With that said, I’ve also worked with some walking disasters who remain entrenched for 25 years. (The directors described here come to mind.) If long-standing directors become too comfortable with the financial and social perks of board service, their defence of self-interest and status quo can be debilitating.
With these two scenarios in mind, I don’t see a clear correlation between director tenure and declining performance. Put simply, bad performance arises around weak, negligent directors. It is our responsibility to address their shortcomings on a timely basis, not when board policy prompts a glance at the calendar. Doing so is best for everyone involved.
Determinants of director performance are independent of time
As detailed in a survey conducted by Korn Ferry and Patrick O’Callaghan & Associates, directors point to integrity, trust, courage, values, and strategic agility as examples of the personal character qualities critical to a successful board. The passage of time does not erode these qualities; if anything, experience on a board may increase the trust shared and courage demonstrated by directors.
Lively performance management systems may better serve diversity
If a director is weak, why should an organization wait nine years to part company? Boards that rely on term limits for renewal may fail to invest in performance management systems, simply because the passage of time will eventually address the dead weight.
If we deal with director performance on a timely basis, we might actually have more board renewal than that which term limits facilitate. Strong performance cultures will nudge weak directors out and create a revolving door that brings fresh talent to the table.

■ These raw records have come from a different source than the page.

Lemma pure_value_le (R : realType) n m (alpha : R) (psi : 'cV[R[i]]_(2 ^ n)) :
  (0 < m)%N -> 0 < alpha -> m_separable_pure m psi ->
  \tr ((psi *m adj psi) *m Wse n alpha%:C%C) <= (Num.max alpha (alpha / 2 ^+ (m - 1) + 1))%:C%C.
Proof.
move=> m_gt0 a0 [normed [part [f [part_surj [f_local psiE]]]]].
have [idx bitsK idxK] := bits_bij n.
have qbit_idx x k : qbit (idx x) k = x k by rewrite -[in RHS](idxK x) ffunE.
pose F g x := f g (idx x).
have F_local g x : F g x = F g (bmask part g x).
  by apply: f_local => k part_k; rewrite !qbit_idx ffunE part_k eqxx.
rewrite (trace_Wse idxK bitsK) /= !psiE.
under eq_bigr do rewrite !psiE.
apply: (product_state_value_le part_surj F_local) => //.
apply: (@complexI R); rewrite rmorph_sum rmorph1 -[RHS]normed (reindex idx) /=; last first.
  by apply: onW_bij; exists bits.
by apply: eq_bigr => x _; rewrite rmorphXn /= -normr_normc psiE.
Qed.

Local Open Scope complex_scope.

Theorem mainTheorem1 (R : realType) (n m : nat) (alpha : R)
    (rho : 'M[R[i]]_(2 ^ n)) :
  (2 <= n)%N -> (2 <= m)%N -> (m <= n)%N ->
  0 < alpha -> alpha <= 2 ->
  m_separable m rho ->
  \tr (rho *m Wse n alpha%:C) <=
    (Num.max alpha (alpha / 2 ^+ (m - 1) + 1))%:C.
Proof.
(* the bound holds without the hypotheses on n, on m <= n and on alpha <= 2 *)
move=> _ m_ge2 _ a0 _ [N [w [psi [w0 [w_sum [psi_sep ->]]]]]].
rewrite mulmx_suml raddf_sum.
under eq_bigr do rewrite /= -scalemxAl mxtraceZ.
apply: le_trans (_ : \sum_(j < N) w j * _ <= _).
  apply: ler_sum => j _; rewrite ler_wpM2l //.
  exact: pure_value_le (ltnW m_ge2) a0 (psi_sep j).
by rewrite -mulr_suml w_sum mul1r.
Qed.
Lemma sum_white_balanced_mx j : \sum_(i | i \notin D) balanced_mx i j = 0.
Proof.
case jD: (j \in D); last first.
  rewrite (bigD1 j) ?jD //= mxE eqxx jD (eq_bigr (balanced_weight^~ j)) ?addNr //.
  by move=> i /andP[_ /negbTE ij]; rewrite mxE ij.
have -> : \sum_(i | i \notin D) balanced_mx i j =
    \sum_(i in W j) (if [pick w in W j] == Some i then 1 - #|W j|%:R else 1).
  rewrite big_mkcond [RHS]big_mkcond; apply: eq_bigr => i _.
  rewrite mxE /balanced_weight !inE jD /=.
  case: (eqVneq i j) => [->|_]; first by rewrite jD andbF.
  by case: (E j i); case: (i \in D).
case: pickP => [p Wp|W0]; last by rewrite big_pred0.
rewrite (big_setD1 p Wp) /= eqxx (eq_bigr (fun=> 1)); last first.
  by move=> i /setD1P[ip _]; case: eqP => // -[pi]; rewrite pi eqxx in ip.
by rewrite sumr_const (cardsD1 p) Wp natrD opprD addrA subrK subrr.
Qed.

Lemma white_indicator_balanced_mx : white_indicator^T *m balanced_mx = 0.
Proof.
apply/matrixP => k j; rewrite !mxE -[RHS](sum_white_balanced_mx j) [RHS]big_mkcond.
by apply: eq_bigr => i _; rewrite !mxE; case: (i \in D); rewrite ?mul0r ?mul1r.
Qed.

Lemma white_indicator_input (Z : {set 'I_n}) :
  Z \subset D -> white_indicator^T *m input_matrix Z = 0.
Proof.
move=> ZD; apply/matrixP => k l; rewrite !mxE (bigD1 (enum_val l)) //= big1.
  by rewrite !mxE (subsetP ZD _ (enum_valP l)) mul0r addr0.
by move=> i /negbTE il; rewrite !mxE il mulr0.
Qed.
(* Stated in the shape [exp (lam * s ^ L) * h s] consumed by [admissible_mul_exp]. *)
Lemma Cexp_weyl_exponent z s :
  Cexp (weyl_exponent (weyl_point s) z) =
  (exp (- snd z / sqrt 2 * s ^ 1) * (exp (- / 4 * s ^ 2) * (cos (fst z / sqrt 2 * s) * 1)),
   exp (- snd z / sqrt 2 * s ^ 1) * (exp (- / 4 * s ^ 2) * (sin (fst z / sqrt 2 * s) * 1))).
Proof.
  assert (Hs := sqrt2_neq_0).
  destruct z as [x y].
  assert (Hre : Re (weyl_exponent (weyl_point s) (x, y)) = - y / sqrt 2 * s ^ 1 + - / 4 * s ^ 2).
  { unfold weyl_exponent, weyl_point, Re, Cminus, Cplus, Copp, Cmult, Cconj, RtoC, Cmod. simpl.
    rewrite !Rmult_0_l, Rplus_0_l, !Rmult_1_r, sqrt_sqrt by nra.
    replace (- s / sqrt 2 * (- s / sqrt 2)) with (s * s / (sqrt 2 * sqrt 2)) by (field; auto).
    rewrite sqrt_sqrt by lra. field. auto. }
  assert (Him : Im (weyl_exponent (weyl_point s) (x, y)) = x / sqrt 2 * s).
  { unfold weyl_exponent, weyl_point, Im, Cminus, Cplus, Copp, Cmult, Cconj, RtoC. simpl.
    field. auto. }
  unfold Cexp. rewrite Hre, Him, exp_plus. simpl. f_equal; ring.
Qed.

Lemma admissibleC_Cexp_weyl_exponent a z :
  1 < a -> admissibleC a (fun s => Cexp (weyl_exponent (weyl_point s) z)).
Proof.
  intros Ha.
  eapply admissibleC_ext; [intros s; symmetry; apply Cexp_weyl_exponent|].
  split; cbn [fst snd]; apply admissible_mul_exp, admissible_mul_exp;
    [apply admissible_mul_cos | apply admissible_mul_sin]; auto using admissible_one.
Qed.

Lemma Weyl_weyl_point_e_k k z s :
  Weyl (weyl_point s) (e_k k) z =
  Cmult (Cinv (RtoC (sqrt (INR (fact k)))))
    (Cmult (pow_n (Cplus z (Cmult (RtoC s) (0, / sqrt 2))) k)
       (Cexp (weyl_exponent (weyl_point s) z))).
Proof.
  assert (E : Cminus z (weyl_point s) = Cplus z (Cmult (RtoC s) (0, / sqrt 2))).
  { destruct z as [x y]. unfold Cminus, Cplus, Copp, Cmult, RtoC, weyl_point. simpl.
    f_equal; field; apply sqrt2_neq_0. }
  unfold Weyl, e_k, Cdiv. fold (weyl_exponent (weyl_point s) z). rewrite E.
  rewrite (Cmult_comm (pow_n _ k)), Cmult_assoc. reflexivity.
Qed.

Lemma admissibleC_Weyl_e_k a k z :
  1 < a -> admissibleC a (fun s => Weyl (weyl_point s) (e_k k) z).
Proof.
  intros Ha. apply (admissibleC_ext a _ _ (fun s => eq_sym (Weyl_weyl_point_e_k k z s))).
  apply admissibleC_scal, admissibleC_mul_affine_pow, admissibleC_Cexp_weyl_exponent, Ha.
Qed.

Theorem theorem3p24 (a : R) (k : nat) (z : Complex.C) :
  1 < a ->
  filterlim
    (fun n : nat =>
       sum_n (fun j : nat => Cmult (RtoC (Ccoef n j a)) (Weyl (bj n j) (e_k k) z)) n)
    eventually
    (locally (Weyl (bval a) (e_k k) z)).
Proof.
  intros Ha.
  exact (filterlim_binom_mean_C a _ (admissibleC_Weyl_e_k a k z Ha)).
Qed.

The board should already have the performance management skills it needs
Given that the board evaluates and coaches the CEO, it should already have the tools it needs to manage its own behaviour and results. Board-buddy mentorship, coaching from the vice chair, and peer feedback can boost contributions right away. Doing so will help create a culture of accountability and high performance.
Perceived loss of independence is exaggerated
Long-standing directors might grow too cozy with management if both ranks are relatively static. This risk is minimized, however, when CEOs and CMOs average just 6.6 and 4 years in their roles, respectively.
Researchers further analyzed the performance of directors with at least 15 years’ experience in their roles. Economists at the University of New South Wales considered the performance of 1,500 companies from 1998 to 2013, including those with and without experienced directors. The results suggest that term limits do not increase director independence. Instead, seasoned directors actually counterbalance chief executive authority.
“Companies with a higher proportion of experienced directors paid their chief executives less, were more likely to change chief executives when performance faltered and were less likely to misreport earnings intentionally. These companies were also less likely to make acquisitions, which often expand a chief executive’s power while diminishing shareholder value. When they did, the acquisitions were of higher quality.”
The data suggest that experienced directors tend to keep the CEO at an arm’s length, speak more truthfully about about earnings, and resist wasteful spending sprees. Yet boards with fixed terms are showing these directors to the door.
To be clear, I am a huge fan of continuous improvement in the boardroom. I encourage performance management at the individual, committee and board levels. And I’m an advocate for board renewal, the prevalence of which will facilitate board appointments for aspiring directors. True renewal, however, does not arise out of simple counting. We owe the stakeholders we serve and represent better.
Your turn: Does your board use term limits to encourage renewal? How would you describe your experience?